INPUT MATERIAL Start Marker

Lemma artanh_le_div_sqrt x : 0 <= x < 1 -> artanh x <= x / sqrt (1 - x ^ 2).
Proof.
  intros Hx. destruct (Req_dec x 0) as [->|Hx0].
  { rewrite artanh_0. unfold Rdiv. lra. }
  destruct (MVT_cor2 (fun y => y / sqrt (1 - y ^ 2) - artanh y)
              (fun y => / ((1 - y ^ 2) * sqrt (1 - y ^ 2)) - / (1 - y ^ 2)) 0 x)
    as [c [Hc Hcx]]; [lra| |].
  - intros c Hc. apply is_derive_Reals.
    assert (Hc2 : 0 < 1 - c ^ 2) by nra.
    assert (Hqc : 0 < sqrt (1 - c ^ 2)) by (apply sqrt_lt_R0; lra).
    apply (is_derive_minus (fun y => y / sqrt (1 - y ^ 2)) artanh);
      [|apply is_derive_artanh; lra].
    auto_derive; replace (1 + - (c * (c * 1))) with (1 - c ^ 2) by ring;
      [repeat split; lra|].
    set (q := sqrt (1 - c ^ 2)) in *.
    assert (Hqq : q * q = 1 - c ^ 2) by (apply sqrt_sqrt; lra).
    replace (/ ((1 - c ^ 2) * q)) with ((q * q + c ^ 2) / (q * q * q))
      by (rewrite Hqq; field; lra).
    field. lra.
  - assert (Hc2 : 0 < 1 - c ^ 2 <= 1) by nra.
    assert (Hqc : 0 < sqrt (1 - c ^ 2)) by (apply sqrt_lt_R0; lra).
    pose proof (sqrt_1_minus_sq_le_1 c).
    assert (/ (1 - c ^ 2) <= / ((1 - c ^ 2) * sqrt (1 - c ^ 2))).
    { apply Rinv_le_contravar; [apply Rmult_lt_0_compat; lra|]. nra. }
    pose proof artanh_0. replace (0 / sqrt (1 - 0 ^ 2)) with 0 in Hcx by (unfold Rdiv; ring).
    nra.
Qed.

Definition artanh_ratio (x : R) : R := sqrt (1 - x ^ 2) * artanh x / x.

Lemma artanh_ratio_ge0 x : 0 < x < 1 -> 0 <= artanh_ratio x.
Proof.
  intros Hx. unfold artanh_ratio, Rdiv.
  apply Rmult_le_pos; [apply Rmult_le_pos; [apply sqrt_pos|apply artanh_ge0; lra]|].
  left; apply Rinv_0_lt_compat; lra.
Qed.

Lemma artanh_ratio_1 : artanh_ratio 1 = 0.
Proof. unfold artanh_ratio. replace (1 - 1 ^ 2) with 0 by ring. rewrite sqrt_0. lra. Qed.

Lemma artanh_ratio_le_1 x : 0 < x < 1 -> artanh_ratio x <= 1.
Proof.
  intros Hx. assert (Hq : 0 < sqrt (1 - x ^ 2)) by (apply sqrt_lt_R0; nra).
  pose proof (artanh_le_div_sqrt x ltac:(lra)) as Hle.
  apply (Rmult_le_compat_l (sqrt (1 - x ^ 2) / x)) in Hle;
    [|unfold Rdiv; apply Rmult_le_pos; [apply sqrt_pos|left; apply Rinv_0_lt_compat; lra]].
  unfold artanh_ratio. replace (sqrt (1 - x ^ 2) / x * (x / sqrt (1 - x ^ 2))) with 1 in Hle
    by (field; lra).
  replace (sqrt (1 - x ^ 2) * artanh x / x) with (sqrt (1 - x ^ 2) / x * artanh x)
    by (field; lra).
  exact Hle.
Qed.

Lemma artanh_ratio_antitone a b : 0 < a <= b -> b <= 1 ->
  artanh_ratio b <= artanh_ratio a.
Proof.
  intros Hab Hb1.
  destruct (Req_dec a b) as [->|Hne]; [lra|].
  destruct (Req_dec b 1) as [->|Hb]; [rewrite artanh_ratio_1; apply artanh_ratio_ge0; lra|].
  set (sq x := (1 - x ^ 2) * artanh x ^ 2 / x ^ 2).
  (* the derivative of [sq] is [2 artanh s (s - artanh s) / s^3 <= 0] by [artanh_ge_id] *)
  assert (Hsq : sq b <= sq a).
  { destruct (MVT_cor2 sq (fun s => 2 * artanh s * (s - artanh s) / s ^ 3) a b)
      as [c [Hc Hcab]]; [lra| |].
    - intros c Hc. apply is_derive_Reals. unfold sq, artanh.
      auto_derive; [repeat split; nra|].
      replace (1 + - c) with (1 - c) by ring. field. repeat split; lra.
    - assert (0 <= artanh c) by (apply artanh_ge0; lra).
      assert (c <= artanh c) by (apply artanh_ge_id; lra).
      assert (2 * artanh c * (c - artanh c) / c ^ 3 <= 0).
      { assert (0 < / c ^ 3) by (apply Rinv_0_lt_compat, pow_lt; lra).
        unfold Rdiv. rewrite <- (Rmult_0_l (/ c ^ 3)).
        apply Rmult_le_compat_r; nra. }
      nra. }
  assert (Hsq_eq : forall x, 0 < x < 1 -> sq x = artanh_ratio x ^ 2).
  { intros x Hx. unfold sq, artanh_ratio.
    replace ((sqrt (1 - x ^ 2) * artanh x / x) ^ 2)
      with (sqrt (1 - x ^ 2) ^ 2 * artanh x ^ 2 / x ^ 2) by (field; lra).
    rewrite pow2_sqrt by nra. reflexivity. }
  rewrite !Hsq_eq in Hsq by lra.
  pose proof (artanh_ratio_ge0 a ltac:(lra)). pose proof (artanh_ratio_ge0 b ltac:(lra)).
  nra.
Qed.

Definition nxlnx (x : R) : R := - (x * ln x).
(* Let $Z=(W,A,X,V,E,S)\sim\mathbb{P}$, where only $(W,A,X)$ is observed. Suppose that for all $j\in\{1,\dots,J\}$: (i) $\mathbb{E}[W_j\mid A,X]=\mathbb{E}[V_jE_jS\mid A,X]$; (ii) $V_j$, $E_j$ and $S$ are mutually independent conditionally on $(A,X)$; (iii) $E_j$ is independent of $(A,X)$; and (iv) $S$ is independent of $(A,X)$. Then for every $j$, the parameter $$\Psi^{(1)}_j(\mathbb{P}):=\log\left(\frac{\mathbb{E}[V_j\mid A=1]}{\mathbb{E}[V_j\mid A=0]}\right)$$ is identifiable.
   Context: $W\in\mathbb{R}_{\ge 0}^J$ are observed category levels, $A\in\{0,1\}$ is a binary exposure, $X\in\mathcal{X}\subseteq\mathbb{R}^p$ are covariates, $V\in\mathbb{R}_{\ge0}^J$ are latent true category levels, $E\in\mathbb{R}_{>0}^J$ are latent category-specific observabilities and $S\in\mathbb{R}_{>0}$ is a latent sample-specific scale; data are i.i.d. draws from $\mathbb{P}$. The parameter is assumed well defined (the conditional means are positive and finite). $\log$ is the natural logarithm. A parameter is identifiable (under a set of assumptions) if its value is uniquely determined by the distribution of the observed variables $(W,A,X)$, i.e. any two distributions satisfying the assumptions and inducing the same distribution of $(W,A,X)$ give the same parameter value. *)

From HB Require Import structures.
From mathcomp Require Import all_boot all_order all_algebra.
From mathcomp Require Import all_classical all_reals all_analysis.
Set Implicit Arguments. Unset Strict Implicit. Unset Printing Implicit Defensive.
Import Order.TTheory GRing.Theory Num.Theory.
Local Open Scope classical_set_scope.
Local Open Scope ring_scope.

INPUT MATERIAL End Marker

- _ABOUT THIS EXERCISE_:
Repeat every line of the material exactly as given.

- _ANSWER AREA_:
Lemma artanh_le_div_sqrt x : 0 <= x < 1 -> artanh x <= x / sqrt (1 - x ^ 2).
Proof.
  intros Hx. destruct (Req_dec x 0) as [->|Hx0].
  { rewrite artanh_0. unfold Rdiv. lra. }
  destruct (MVT_cor2 (fun y => y / sqrt (1 - y ^ 2) - artanh y)
              (fun y => / ((1 - y ^ 2) * sqrt (1 - y ^ 2)) - / (1 - y ^ 2)) 0 x)
    as [c [Hc Hcx]]; [lra| |].
  - intros c Hc. apply is_derive_Reals.
    assert (Hc2 : 0 < 1 - c ^ 2) by nra.
    assert (Hqc : 0 < sqrt (1 - c ^ 2)) by (apply sqrt_lt_R0; lra).
    apply (is_derive_minus (fun y => y / sqrt (1 - y ^ 2)) artanh);
      [|apply is_derive_artanh; lra].
    auto_derive; replace (1 + - (c * (c * 1))) with (1 - c ^ 2) by ring;
      [repeat split; lra|].
    set (q := sqrt (1 - c ^ 2)) in *.
    assert (Hqq : q * q = 1 - c ^ 2) by (apply sqrt_sqrt; lra).
    replace (/ ((1 - c ^ 2) * q)) with ((q * q + c ^ 2) / (q * q * q))
      by (rewrite Hqq; field; lra).
    field. lra.
  - assert (Hc2 : 0 < 1 - c ^ 2 <= 1) by nra.
    assert (Hqc : 0 < sqrt (1 - c ^ 2)) by (apply sqrt_lt_R0; lra).
    pose proof (sqrt_1_minus_sq_le_1 c).
    assert (/ (1 - c ^ 2) <= / ((1 - c ^ 2) * sqrt (1 - c ^ 2))).
    { apply Rinv_le_contravar; [apply Rmult_lt_0_compat; lra|]. nra. }
    pose proof artanh_0. replace (0 / sqrt (1 - 0 ^ 2)) with 0 in Hcx by (unfold Rdiv; ring).
    nra.
Qed.

Definition artanh_ratio (x : R) : R := sqrt (1 - x ^ 2) * artanh x / x.

Lemma artanh_ratio_ge0 x : 0 < x < 1 -> 0 <= artanh_ratio x.
Proof.
  intros Hx. unfold artanh_ratio, Rdiv.
  apply Rmult_le_pos; [apply Rmult_le_pos; [apply sqrt_pos|apply artanh_ge0; lra]|].
  left; apply Rinv_0_lt_compat; lra.
Qed.

Lemma artanh_ratio_1 : artanh_ratio 1 = 0.
Proof. unfold artanh_ratio. replace (1 - 1 ^ 2) with 0 by ring. rewrite sqrt_0. lra. Qed.

Lemma artanh_ratio_le_1 x : 0 < x < 1 -> artanh_ratio x <= 1.
Proof.
  intros Hx. assert (Hq : 0 < sqrt (1 - x ^ 2)) by (apply sqrt_lt_R0; nra).
  pose proof (artanh_le_div_sqrt x ltac:(lra)) as Hle.
  apply (Rmult_le_compat_l (sqrt (1 - x ^ 2) / x)) in Hle;
    [|unfold Rdiv; apply Rmult_le_pos; [apply sqrt_pos|left; apply Rinv_0_lt_compat; lra]].
  unfold artanh_ratio. replace (sqrt (1 - x ^ 2) / x * (x / sqrt (1 - x ^ 2))) with 1 in Hle
    by (field; lra).
  replace (sqrt (1 - x ^ 2) * artanh x / x) with (sqrt (1 - x ^ 2) / x * artanh x)
    by (field; lra).
  exact Hle.
Qed.

Lemma artanh_ratio_antitone a b : 0 < a <= b -> b <= 1 ->
  artanh_ratio b <= artanh_ratio a.
Proof.
  intros Hab Hb1.
  destruct (Req_dec a b) as [->|Hne]; [lra|].
  destruct (Req_dec b 1) as [->|Hb]; [rewrite artanh_ratio_1; apply artanh_ratio_ge0; lra|].
  set (sq x := (1 - x ^ 2) * artanh x ^ 2 / x ^ 2).
  (* the derivative of [sq] is [2 artanh s (s - artanh s) / s^3 <= 0] by [artanh_ge_id] *)
  assert (Hsq : sq b <= sq a).
  { destruct (MVT_cor2 sq (fun s => 2 * artanh s * (s - artanh s) / s ^ 3) a b)
      as [c [Hc Hcab]]; [lra| |].
    - intros c Hc. apply is_derive_Reals. unfold sq, artanh.
      auto_derive; [repeat split; nra|].
      replace (1 + - c) with (1 - c) by ring. field. repeat split; lra.
    - assert (0 <= artanh c) by (apply artanh_ge0; lra).
      assert (c <= artanh c) by (apply artanh_ge_id; lra).
      assert (2 * artanh c * (c - artanh c) / c ^ 3 <= 0).
      { assert (0 < / c ^ 3) by (apply Rinv_0_lt_compat, pow_lt; lra).
        unfold Rdiv. rewrite <- (Rmult_0_l (/ c ^ 3)).
        apply Rmult_le_compat_r; nra. }
      nra. }
  assert (Hsq_eq : forall x, 0 < x < 1 -> sq x = artanh_ratio x ^ 2).
  { intros x Hx. unfold sq, artanh_ratio.
    replace ((sqrt (1 - x ^ 2) * artanh x / x) ^ 2)
      with (sqrt (1 - x ^ 2) ^ 2 * artanh x ^ 2 / x ^ 2) by (field; lra).
    rewrite pow2_sqrt by nra. reflexivity. }
  rewrite !Hsq_eq in Hsq by lra.
  pose proof (artanh_ratio_ge0 a ltac:(lra)). pose proof (artanh_ratio_ge0 b ltac:(lra)).
  nra.
Qed.

Definition nxlnx (x : R) : R := - (x * ln x).
(* Let $Z=(W,A,X,V,E,S)\sim\mathbb{P}$, where only $(W,A,X)$ is observed. Suppose that for all $j\in\{1,\dots,J\}$: (i) $\mathbb{E}[W_j\mid A,X]=\mathbb{E}[V_jE_jS\mid A,X]$; (ii) $V_j$, $E_j$ and $S$ are mutually independent conditionally on $(A,X)$; (iii) $E_j$ is independent of $(A,X)$; and (iv) $S$ is independent of $(A,X)$. Then for every $j$, the parameter $$\Psi^{(1)}_j(\mathbb{P}):=\log\left(\frac{\mathbb{E}[V_j\mid A=1]}{\mathbb{E}[V_j\mid A=0]}\right)$$ is identifiable.
   Context: $W\in\mathbb{R}_{\ge 0}^J$ are observed category levels, $A\in\{0,1\}$ is a binary exposure, $X\in\mathcal{X}\subseteq\mathbb{R}^p$ are covariates, $V\in\mathbb{R}_{\ge0}^J$ are latent true category levels, $E\in\mathbb{R}_{>0}^J$ are latent category-specific observabilities and $S\in\mathbb{R}_{>0}$ is a latent sample-specific scale; data are i.i.d. draws from $\mathbb{P}$. The parameter is assumed well defined (the conditional means are positive and finite). $\log$ is the natural logarithm. A parameter is identifiable (under a set of assumptions) if its value is uniquely determined by the distribution of the observed variables $(W,A,X)$, i.e. any two distributions satisfying the assumptions and inducing the same distribution of $(W,A,X)$ give the same parameter value. *)

From HB Require Import structures.
From mathcomp Require Import all_boot all_order all_algebra.
From mathcomp Require Import all_classical all_reals all_analysis.
Set Implicit Arguments. Unset Strict Implicit. Unset Printing Implicit Defensive.
Import Order.TTheory GRing.Theory Num.Theory.
Local Open Scope classical_set_scope.
Local Open Scope ring_scope.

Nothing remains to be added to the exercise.